= Aim of the task =
Below is a listing. Write out exactly its lines between the one holding "Definition in_skew (m" and the one holding "Definition is_Klein : Prop", inclusive.

── Exercise data

(* Let $\Pi$ be a Klein tableau with entries at most $2$, encoded as $\Pi=[\gamma;\zeta=\beta^0;\beta^1,\ldots,\beta^s=\beta]$. Define $$x(\Pi)=\sum_j\big(\bar\zeta_j-\bar\gamma_j+|\beta^{j-1}|-|\beta^j|\big)\sum_{k>j}\big(\bar\beta^{j-1}_k-\bar\zeta_k\big)+\sum_j\sum_{\ell>j}\big(\bar\beta^j_{\ell+1}-\bar\beta^{j-1}_{\ell+1}\big)\sum_{k=j+1}^{\ell}\big(\bar\beta^{j-1}_k-\bar\zeta_k\big).$$ Then $x(\Pi)$ equals the number $x(\Delta)$ of crossings in the arc diagram $\Delta$ of $\Pi$.
   Context: For a partition $\lambda$ the Young diagram has columns of lengths $\lambda_1,\lambda_2,\ldots$; rows numbered from the top starting at $1$; $\bar\lambda$ is the conjugate partition so $\bar\lambda_k$ is the number of boxes in row $k$; $|\lambda|=\sum_i\lambda_i$. An LR-tableau of type $(\alpha,\beta,\gamma)$ with entries at most $2$ is a filling of the skew diagram $\beta\setminus\gamma$ with $\bar\alpha_1$ entries $1$ and $\bar\alpha_2$ entries $2$, weakly increasing along rows, strictly increasing down columns, and such that for each $c\ge0$ the number of entries $2$ in columns to the right of column $c$ is at most the number of entries $1$ there. A Klein tableau is such an LR-tableau in which each entry $2$ carries a subscript $r$ ($2_r$) with: (a) if $2_r$ is in row $m$ then $1\le r\le m-1$; (b) if $2_r$ is in row $m$ and the box above it contains $1$ then $r=m-1$; (c) the number of entries $2_r$ is at most the number of entries $1$ in row $r$. The encoding $[\gamma;\zeta;\beta^1,\dots,\beta^s]$: $\gamma$ is the shape of the empty boxes, $\zeta=\beta^0$ the shape formed by the empty boxes and the boxes $1$, and $\beta^j$ the shape formed by the empty boxes, the boxes $1$ and the boxes $2_i$ with $i\le j$. The arc diagram $\Delta$ of $\Pi$ is the multiset consisting of an arc $(m,r)$ for each entry $2_r$ in row $m$, together with, at each position $r$, as many poles as the number of entries $1$ in row $r$ minus the number of arcs ending at $r$. The number of crossings $x(\Delta)$ is the number (with multiplicity) of pairs of arcs $(m,r),(n,s)$ with $m>n>r>s$ plus the number of pairs (arc $(m,s)$, pole at $r$) with $m>r>s$. *)

From mathcomp Require Import all_boot all_algebra.
Set Implicit Arguments.
Unset Strict Implicit.
Unset Printing Implicit Defensive.
Import GRing.Theory Num.Theory.

(* Conventions (as in the paper): a partition [l : seq nat] lists the COLUMN
   lengths l_1 >= l_2 >= ...; rows and columns are numbered from 1;
   box (m, c) = (row m, column c) lies in l iff m <= l_c. *)

Definition col (l : seq nat) (c : nat) : nat := nth 0 l c.-1.
Definition rowlen (l : seq nat) (k : nat) : nat := count (fun x => k <= x) l.
Definition is_partition (l : seq nat) : bool := sorted geq l.
Definition nrows (l : seq nat) : nat := foldr maxn 0 l.
Definition rows (l : seq nat) : seq nat := iota 1 (nrows l).
Definition cols (l : seq nat) : seq nat := iota 1 (size l).

(* entries of a Klein tableau with entries at most 2: 1, or 2_r *)
Inductive kentry := KOne | KTwo of nat.
Definition kval (e : kentry) : nat := match e with KOne => 1 | KTwo _ => 2 end.
Definition is_one (e : kentry) : bool := if e is KOne then true else false.
Definition is_two (e : kentry) : bool := if e is KTwo _ then true else false.
Definition is_two_with (r : nat) (e : kentry) : bool :=
  if e is KTwo i then i == r else false.
Definition is_two_le (j : nat) (e : kentry) : bool :=
  if e is KTwo i then i <= j else false.
Definition two_sub (e : kentry) : nat := if e is KTwo r then r else 0.

Section Tab.
Variables (beta gamma : seq nat) (T : nat -> nat -> kentry).

Definition in_skew (m c : nat) : bool :=
  [&& 0 < c, col gamma c < m & m <= col beta c].

Definition skew_boxes : seq (nat * nat) :=
  [seq p <- [seq (m, c) | m <- rows beta, c <- cols beta] | in_skew p.1 p.2].

Definition ones_row (m : nat) : nat :=
  count (fun c => in_skew m c && is_one (T m c)) (cols beta).

(* LR-tableau of type (alpha, beta, gamma) with entries at most 2
   (alpha is determined by the numbers of entries 1 and 2). *)
Definition is_LR2 : Prop :=
  [/\ [/\ is_partition beta, is_partition gamma &
          (forall c, col gamma c <= col beta c)],
      (forall m c c', c < c' -> in_skew m c -> in_skew m c' ->
                      kval (T m c) <= kval (T m c')),
      (forall m m' c, m < m' -> in_skew m c -> in_skew m' c ->
                      kval (T m c) < kval (T m' c)) &
      (forall c0 : nat,
         count (fun p => (c0 < p.2) && is_two (T p.1 p.2)) skew_boxes
         <= count (fun p => (c0 < p.2) && is_one (T p.1 p.2)) skew_boxes)].

Definition is_Klein : Prop :=
  [/\ is_LR2,
      (* (a) *)
      (forall m c r, in_skew m c -> T m c = KTwo r -> 1 <= r <= m.-1),
      (* (b) *)
      (forall m c r, in_skew m c -> T m c = KTwo r ->
                     in_skew m.-1 c -> T m.-1 c = KOne -> r = m.-1) &
      (* (c) *)
      (forall r, count (fun p => is_two_with r (T p.1 p.2)) skew_boxes
                 <= ones_row r)].

(* row lengths of beta^j: empty boxes, boxes 1, boxes 2_i with i <= j *)
Definition bbar (j k : nat) : nat :=
  rowlen gamma k + ones_row k
  + count (fun c => in_skew k c && is_two_le j (T k c)) (cols beta).
Definition zbar (k : nat) : nat := bbar 0 k.
Definition size_b (j : nat) : nat := \sum_(k <- rows beta) bbar j k.

Definition xPi : int :=
  \sum_(j <- rows beta)
     ((zbar j)%:Z - (rowlen gamma j)%:Z + (size_b j.-1)%:Z - (size_b j)%:Z)
     * \sum_(k <- rows beta | (j < k)%N) ((bbar j.-1 k)%:Z - (zbar k)%:Z)
  + \sum_(j <- rows beta) \sum_(l <- rows beta | (j < l)%N)
     ((bbar j l.+1)%:Z - (bbar j.-1 l.+1)%:Z)
     * \sum_(k <- rows beta | (j < k < l.+1)%N)
          ((bbar j.-1 k)%:Z - (zbar k)%:Z).

(* arc diagram: an arc (m, r) for each entry 2_r in row m (multiset) *)
Definition arcs : seq (nat * nat) :=
  [seq (p.1, two_sub (T p.1 p.2)) | p <- skew_boxes & is_two (T p.1 p.2)].

Definition poles (r : nat) : nat :=
  ones_row r - count (fun a => a.2 == r) arcs.

Definition crossings : nat :=
  \sum_(a <- arcs) \sum_(b <- arcs)
      [&& b.1 < a.1, a.2 < b.1 & b.2 < a.2]
  + \sum_(a <- arcs) \sum_(r <- rows beta | (r < a.1) && (a.2 < r)) poles r.

End Tab.

From Pilot Require Import Defs.
From mathcomp Require Import all_boot all_algebra.
From mathcomp Require Import zify.
Import GRing.Theory Num.Theory.

(* Row lengths of consecutive shapes differ by entries [2_r]: [\bar\beta^j_k -
   \bar\beta^{j-1}_k] is the number of arcs [(k, j)], and summing
   [\bar\beta^{j-1}_k - \bar\zeta_k] over [k] in a set [K] counts the arcs [(k, s)]
   with [k \in K] and [s < j] (condition (a) makes [\zeta] free of entries 2).
   The first factor of the first sum of [x(Pi)] is the number of poles at [j]
   (condition (c) keeps it nonnegative), so that sum counts the pairs
   (pole at [j], arc [(m, s)]) with [m > j > s]; the second sum counts the pairs
   of arcs [(l+1, j)], [(k, s)] with [l+1 > k > j > s]. *)

Lemma Posz_sum (I : Type) (r : seq I) (P : pred I) (F : I -> nat) :
  Posz (\sum_(i <- r | P i) F i) = (\sum_(i <- r | P i) (F i)%:Z)%R.
Proof. exact: (big_morph Posz PoszD). Qed.

Lemma sum_pred1_uniq (I : eqType) (r : seq I) x (F : I -> nat) :
  uniq r -> x \in r -> \sum_(i <- r | i == x) F i = F x.
Proof. by move=> ur xr; rewrite -big_filter filter_pred1_uniq // big_seq1. Qed.

Lemma count_leq_pred (X : Type) (P : pred X) (f : X -> nat) (s : seq X) j : 0 < j ->
  count (fun x => P x && (f x <= j)) s =
  count (fun x => P x && (f x <= j.-1)) s + count (fun x => P x && (f x == j)) s.
Proof.
case: j => // j _; elim: s => //= x s ->; case: (P x) => //=.
by rewrite leq_eqVlt ltnS; case: eqP => [->|_] /=; rewrite ?ltnn; lia.
Qed.

Lemma sum_indicator_uniq (I : eqType) (r : seq I) x (F : I -> nat) :
  uniq r -> x \in r -> \sum_(i <- r) (i == x) * F i = F x.
Proof.
move=> ur xr; rewrite (bigD1_seq x) //= eqxx mul1n big1 ?addn0 // => i /negbTE ->.
by rewrite mul0n.
Qed.

Lemma count_muln (X : Type) (P : pred X) (s : seq X) n :
  count P s * n = \sum_(x <- s) P x * n.
Proof. by rewrite -sum1_count big_distrl big_mkcond; apply: eq_bigr => x _; case: (P x). Qed.

Lemma leq_foldr_maxn (s : seq nat) x : x \in s -> x <= foldr maxn 0 s.
Proof.
elim: s => //= y s IH; rewrite in_cons leq_max => /orP[/eqP->|/IH->];
  by rewrite ?leqnn ?orbT.
Qed.

Section KleinTableau.
Variables (beta gamma : seq nat) (T : nat -> nat -> kentry).

Local Notation in_skew := (in_skew beta gamma).
Local Notation skew_boxes := (skew_boxes beta gamma).
Local Notation arcs := (arcs beta gamma T).

Lemma in_skew_rows m c : in_skew m c -> m \in rows beta.
Proof.
case/and3P=> c0 gm mb; rewrite mem_iota add1n ltnS (leq_ltn_trans _ gm) //=.
apply: leq_trans mb _; rewrite /Defs.col; case: (ltnP c.-1 (size beta)) => [lt|ge].
  by apply/leq_foldr_maxn/mem_nth.
by rewrite nth_default.
Qed.

Lemma sum_rows_count_skew (Q : pred nat) (P : nat -> pred nat) :
  \sum_(k <- rows beta | Q k) count (fun c => in_skew k c && P k c) (cols beta)
  = count (fun p => Q p.1 && P p.1 p.2) skew_boxes.
Proof.
rewrite /Defs.skew_boxes count_filter.
elim: (rows beta) => [|k rs IH]; first by rewrite big_nil.
rewrite big_cons /= count_cat IH count_map; case Qk: (Q k) => /=.
  by congr (_ + _); apply: eq_count => c /=; rewrite Qk andbC.
by rewrite (@eq_count _ (preim _ _) pred0) ?count_pred0 // => c /=; rewrite Qk.
Qed.

Lemma count_arcs (a : pred (nat * nat)) :
  count a arcs =
  count (fun p => is_two (T p.1 p.2) && a (p.1, two_sub (T p.1 p.2))) skew_boxes.
Proof. by rewrite count_map count_filter; apply: eq_count => p; rewrite andbC. Qed.

Definition twos_row (S : pred nat) (k : nat) : nat :=
  count (fun c => in_skew k c && (is_two (T k c) && S (two_sub (T k c)))) (cols beta).

Lemma sum_twos_row (Q S : pred nat) :
  \sum_(k <- rows beta | Q k) twos_row S k = count (fun a => Q a.1 && S a.2) arcs.
Proof.
rewrite sum_rows_count_skew count_arcs; apply: eq_count => p /=.
by case: (Q p.1); case: (is_two _).
Qed.

Lemma twos_rowE (S : pred nat) k :
  twos_row S k = count (fun a => (a.1 == k) && S a.2) arcs.
Proof.
rewrite -(sum_twos_row (fun i => i == k)); case: (boolP (k \in rows beta)) => kR.
  by rewrite sum_pred1_uniq ?iota_uniq.
rewrite big_seq_cond big_pred0 => [|i]; last first.
  by apply/andP=> -[iR /eqP ik]; rewrite -ik iR in kR.
rewrite /twos_row (@eq_count _ _ pred0) ?count_pred0 // => c /=.
by apply/negP=> /andP[/in_skew_rows kR' _]; rewrite kR' in kR.
Qed.

Lemma bbarE j k :
  bbar beta gamma T j k = rowlen gamma k + ones_row beta gamma T k + twos_row (leq^~ j) k.
Proof.
by congr (_ + _); apply: eq_count => c; case: (T k c); rewrite ?andbF ?andbT.
Qed.

Lemma size_b_pred j : 0 < j ->
  size_b beta gamma T j = size_b beta gamma T j.-1 + count (fun a => a.2 == j) arcs.
Proof.
move=> j0; rewrite /size_b.
rewrite (eq_bigr _ (fun k _ => bbarE j k)) (eq_bigr _ (fun k _ => bbarE j.-1 k)).
by rewrite !big_split /= !sum_twos_row count_leq_pred // !addnA.
Qed.

Lemma bbar_sub_pred j k : 0 < j ->
  ((bbar beta gamma T j k)%:Z - (bbar beta gamma T j.-1 k)%:Z
   = (count (fun a => (a.1 == k) && (a.2 == j)) arcs)%:Z)%R.
Proof.
move=> j0; rewrite !bbarE !twos_rowE count_leq_pred //=; lia.
Qed.

Lemma pole_crossingsE :
  \sum_(a <- arcs) \sum_(r <- rows beta | (r < a.1) && (a.2 < r)) poles beta gamma T r
  = \sum_(r <- rows beta) poles beta gamma T r * count (fun a => (r < a.1) && (a.2 < r)) arcs.
Proof.
rewrite (exchange_big_dep predT) //=; apply: eq_bigr => r _.
by rewrite big_const_seq iter_addn_0 mulnC.
Qed.

Hypothesis sub_range : forall m c r, in_skew m c -> T m c = KTwo r -> 1 <= r <= m.-1.

Lemma zbarE k : zbar beta gamma T k = rowlen gamma k + ones_row beta gamma T k.
Proof.
rewrite /zbar bbarE /twos_row (@eq_count _ _ pred0) ?count_pred0 ?addn0 // => c /=.
case Hs: (in_skew k c); case Tkc: (T k c) => [|r] //=.
by have /andP[r1 _] := sub_range _ _ _ Hs Tkc; rewrite leqn0 eqn0Ngt r1.
Qed.

Lemma arc_bounds a : a \in arcs -> 0 < a.2 < a.1 /\ a.1 \in rows beta.
Proof.
case/mapP=> p; rewrite !mem_filter => /andP[two /andP[Hs _]] ->{a} /=.
split; last exact: in_skew_rows Hs.
case Tp: (T p.1 p.2) two => [|r] //= _.
by have := sub_range _ _ _ Hs Tp; lia.
Qed.

Lemma arc_crossingsE :
  \sum_(a <- arcs) \sum_(b <- arcs) [&& b.1 < a.1, a.2 < b.1 & b.2 < a.2]
  = \sum_(j <- rows beta) \sum_(l <- rows beta | j < l)
      count (fun a => (a.1 == l.+1) && (a.2 == j)) arcs *
      count (fun b => (j < b.1 < l.+1) && (b.2 < j)) arcs.
Proof.
set N := fun j l => count (fun b => (j < b.1 < l.+1) && (b.2 < j)) arcs.
have N0 j l : ~~ (j < l) -> N j l = 0.
  move=> lj; rewrite /N (@eq_count _ _ pred0) ?count_pred0 // => b /=; lia.
symmetry; transitivity (\sum_(a <- arcs) \sum_(j <- rows beta) \sum_(l <- rows beta)
    ((a.1 == l.+1) && (a.2 == j)) * N j l).
  rewrite exchange_big; apply: eq_bigr => j _; rewrite exchange_big big_mkcond.
  apply: eq_bigr => l _; rewrite count_muln.
  by case: ifP => // /negbT /N0 ->; rewrite big1 // => a _; rewrite muln0.
apply: eq_big_seq => a aA.
have [/andP[a2 a21] a1R] := arc_bounds _ aA.
have a2R : a.2 \in rows beta by move: a1R; rewrite !mem_iota; lia.
have a1R' : a.1.-1 \in rows beta by move: a1R; rewrite !mem_iota; lia.
have indicator j l : ((a.1 == l.+1) && (a.2 == j)) * N j l
    = (j == a.2) * ((l == a.1.-1) * N j l).
  rewrite -[a.1](prednK (ltn_trans a2 a21)) eqSS [a.2 == j]eq_sym [_ == l]eq_sym.
  by case: (j == a.2); case: (l == _); rewrite ?mul0n ?mul1n.
under eq_bigr do under eq_bigr do rewrite indicator.
under eq_bigr do rewrite -big_distrr /=.
rewrite !sum_indicator_uniq ?iota_uniq // /N prednK ?(ltn_trans a2 a21) //.
rewrite -sumn_count sumnE big_map; apply: eq_bigr => b _.
by case: (a.2 < b.1); case: (b.1 < a.1).
Qed.

Lemma sum_bbar_sub_zbar (Q : pred nat) j : 0 < j ->
  (\sum_(k <- rows beta | Q k) ((bbar beta gamma T j.-1 k)%:Z - (zbar beta gamma T k)%:Z)
   = (count (fun a => Q a.1 && (a.2 < j)%N) arcs)%:Z)%R.
Proof.
move=> j0; rewrite (eq_bigr (fun k => Posz (twos_row (leq^~ j.-1) k))) => [|k _]; last first.
  by rewrite bbarE zbarE; lia.
rewrite -Posz_sum sum_twos_row; congr Posz; apply: eq_count => a.
by rewrite -ltnS prednK.
Qed.

Lemma xPi_arcs_termE :
  (\sum_(j <- rows beta) \sum_(l <- rows beta | (j < l)%N)
     ((bbar beta gamma T j l.+1)%:Z - (bbar beta gamma T j.-1 l.+1)%:Z)
     * \sum_(k <- rows beta | (j < k < l.+1)%N)
          ((bbar beta gamma T j.-1 k)%:Z - (zbar beta gamma T k)%:Z))%R
  = Posz (\sum_(j <- rows beta) \sum_(l <- rows beta | j < l)
      count (fun a => (a.1 == l.+1) && (a.2 == j)) arcs *
      count (fun b => (j < b.1 < l.+1) && (b.2 < j)) arcs).
Proof.
rewrite Posz_sum; apply: eq_big_seq => j; rewrite mem_iota => /andP[j0 _].
rewrite Posz_sum; apply: eq_bigr => l _.
by rewrite PoszM bbar_sub_pred // sum_bbar_sub_zbar.
Qed.

Hypothesis twos_le_ones : forall r,
  count (fun p => is_two_with r (T p.1 p.2)) skew_boxes <= ones_row beta gamma T r.

Lemma arcs_ending_le_ones r : count (fun a => a.2 == r) arcs <= ones_row beta gamma T r.
Proof.
rewrite count_arcs (@eq_count _ _ (fun p => is_two_with r (T p.1 p.2))) ?twos_le_ones //.
by move=> p /=; case: (T p.1 p.2).
Qed.

Lemma xPi_poles_termE :
  (\sum_(j <- rows beta)
     ((zbar beta gamma T j)%:Z - (rowlen gamma j)%:Z
      + (size_b beta gamma T j.-1)%:Z - (size_b beta gamma T j)%:Z)
     * \sum_(k <- rows beta | (j < k)%N)
         ((bbar beta gamma T j.-1 k)%:Z - (zbar beta gamma T k)%:Z))%R
  = Posz (\sum_(r <- rows beta)
      poles beta gamma T r * count (fun a => (r < a.1) && (a.2 < r)) arcs).
Proof.
rewrite Posz_sum; apply: eq_big_seq => j; rewrite mem_iota => /andP[j0 _].
rewrite PoszM sum_bbar_sub_zbar // zbarE (size_b_pred _ j0) /poles; congr (_ * _)%R.
have := arcs_ending_le_ones j; lia.
Qed.

End KleinTableau.

Theorem lemma2p3 (beta gamma : seq nat) (T : nat -> nat -> kentry) :
  is_Klein beta gamma T ->
  xPi beta gamma T = Posz (crossings beta gamma T).
Proof.
case=> _ sub_range _ twos_le_ones.
rewrite /xPi /crossings addnC PoszD xPi_poles_termE // xPi_arcs_termE //.
by rewrite pole_crossingsE arc_crossingsE.
Qed.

────

= Solved problem =
Definition in_skew (m c : nat) : bool :=
  [&& 0 < c, col gamma c < m & m <= col beta c].

Definition skew_boxes : seq (nat * nat) :=
  [seq p <- [seq (m, c) | m <- rows beta, c <- cols beta] | in_skew p.1 p.2].

Definition ones_row (m : nat) : nat :=
  count (fun c => in_skew m c && is_one (T m c)) (cols beta).

(* LR-tableau of type (alpha, beta, gamma) with entries at most 2
   (alpha is determined by the numbers of entries 1 and 2). *)
Definition is_LR2 : Prop :=
  [/\ [/\ is_partition beta, is_partition gamma &
          (forall c, col gamma c <= col beta c)],
      (forall m c c', c < c' -> in_skew m c -> in_skew m c' ->
                      kval (T m c) <= kval (T m c')),
      (forall m m' c, m < m' -> in_skew m c -> in_skew m' c ->
                      kval (T m c) < kval (T m' c)) &
      (forall c0 : nat,
         count (fun p => (c0 < p.2) && is_two (T p.1 p.2)) skew_boxes
         <= count (fun p => (c0 < p.2) && is_one (T p.1 p.2)) skew_boxes)].

Definition is_Klein : Prop :=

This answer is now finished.